Dataset entries:
►
Lemma rsum_scal_r c f n : rsum (fun i => f i * c) n = rsum f n * c.
Proof. induction n; simpl; [|rewrite IHn]; ring. Qed.

Lemma rsum_zero f n : (forall i, (i < n)%nat -> f i = 0) -> rsum f n = 0.
Proof.
  induction n as [|n IH]; intros H; [reflexivity|].
  rewrite rsum_S, IH, H; [ring | lia | intros; apply H; lia].
Qed.

Lemma rsum_shift f n : rsum f (S n) = f 0%nat + rsum (fun i => f (S i)) n.
Proof. induction n; simpl in *; [|rewrite IHn]; ring. Qed.

Lemma rsum_tail f m n : (m <= n)%nat -> (forall i, (m <= i < n)%nat -> f i = 0) -> rsum f n = rsum f m.
Proof.
  induction 1 as [|n Hmn IH]; intros H; auto.
  rewrite rsum_S, IH, H; [ring | lia | intros; apply H; lia].
Qed.

Lemma rsum_swap g n m :
  rsum (fun i => rsum (fun k => g i k) m) n = rsum (fun k => rsum (fun i => g i k) n) m.
Proof.
  induction n; simpl; [rewrite rsum_zero; auto|].
  rewrite IHn, <- rsum_plus; reflexivity.
Qed.

Lemma rsum_rev f m : rsum (fun i => f (m - i)%nat) (S m) = rsum f (S m).
Proof.
  induction m as [|m IH]; [reflexivity|].
  rewrite rsum_shift, Nat.sub_0_r, (rsum_S f (S m)), <- IH.
  rewrite (rsum_ext _ (fun i => f (m - i)%nat)) by (intros; f_equal); ring.
Qed.

Lemma rsum_triangle g n :
  rsum (fun i => rsum (fun j => g i j) (S i)) (S n) =
  rsum (fun j => rsum (fun i => g (j + i)%nat j) (S (n - j))) (S n).
Proof.
  induction n as [|n IH]; [reflexivity|].
  rewrite (rsum_S (fun j => rsum (fun i => g (j + i)%nat j) (S (S n - j))) (S n)).
  rewrite (rsum_S _ (S n)), IH, Nat.sub_diag; simpl (rsum _ 1).
  rewrite Nat.add_0_r, Rplus_0_l.
  rewrite (rsum_ext (fun j => rsum (fun i => g (j + i)%nat j) (S (S n - j)))
                    (fun j => rsum (fun i => g (j + i)%nat j) (S (n - j)) + g (S n) j)).
  - rewrite rsum_plus, (rsum_S (g (S n))); ring.
  - intros i Hi; replace (S (S n - i)) with (S (S (n - i))) by lia.
    rewrite rsum_S; do 2 f_equal; lia.
Qed.

Definition cauchy_prod (a b : nat -> R) (n : nat) : R :=
  rsum (fun i => a i * b (n - i)%nat) (S n).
◄
Exercise objective
Using the records above, output exactly the lines from the first through the line that contains "Lemma rsum_triangle g", with both of those included.

Written answer
Lemma rsum_scal_r c f n : rsum (fun i => f i * c) n = rsum f n * c.
Proof. induction n; simpl; [|rewrite IHn]; ring. Qed.

Lemma rsum_zero f n : (forall i, (i < n)%nat -> f i = 0) -> rsum f n = 0.
Proof.
  induction n as [|n IH]; intros H; [reflexivity|].
  rewrite rsum_S, IH, H; [ring | lia | intros; apply H; lia].
Qed.

Lemma rsum_shift f n : rsum f (S n) = f 0%nat + rsum (fun i => f (S i)) n.
Proof. induction n; simpl in *; [|rewrite IHn]; ring. Qed.

Lemma rsum_tail f m n : (m <= n)%nat -> (forall i, (m <= i < n)%nat -> f i = 0) -> rsum f n = rsum f m.
Proof.
  induction 1 as [|n Hmn IH]; intros H; auto.
  rewrite rsum_S, IH, H; [ring | lia | intros; apply H; lia].
Qed.

Lemma rsum_swap g n m :
  rsum (fun i => rsum (fun k => g i k) m) n = rsum (fun k => rsum (fun i => g i k) n) m.
Proof.
  induction n; simpl; [rewrite rsum_zero; auto|].
  rewrite IHn, <- rsum_plus; reflexivity.
Qed.

Lemma rsum_rev f m : rsum (fun i => f (m - i)%nat) (S m) = rsum f (S m).
Proof.
  induction m as [|m IH]; [reflexivity|].
  rewrite rsum_shift, Nat.sub_0_r, (rsum_S f (S m)), <- IH.
  rewrite (rsum_ext _ (fun i => f (m - i)%nat)) by (intros; f_equal); ring.
Qed.

Lemma rsum_triangle g n :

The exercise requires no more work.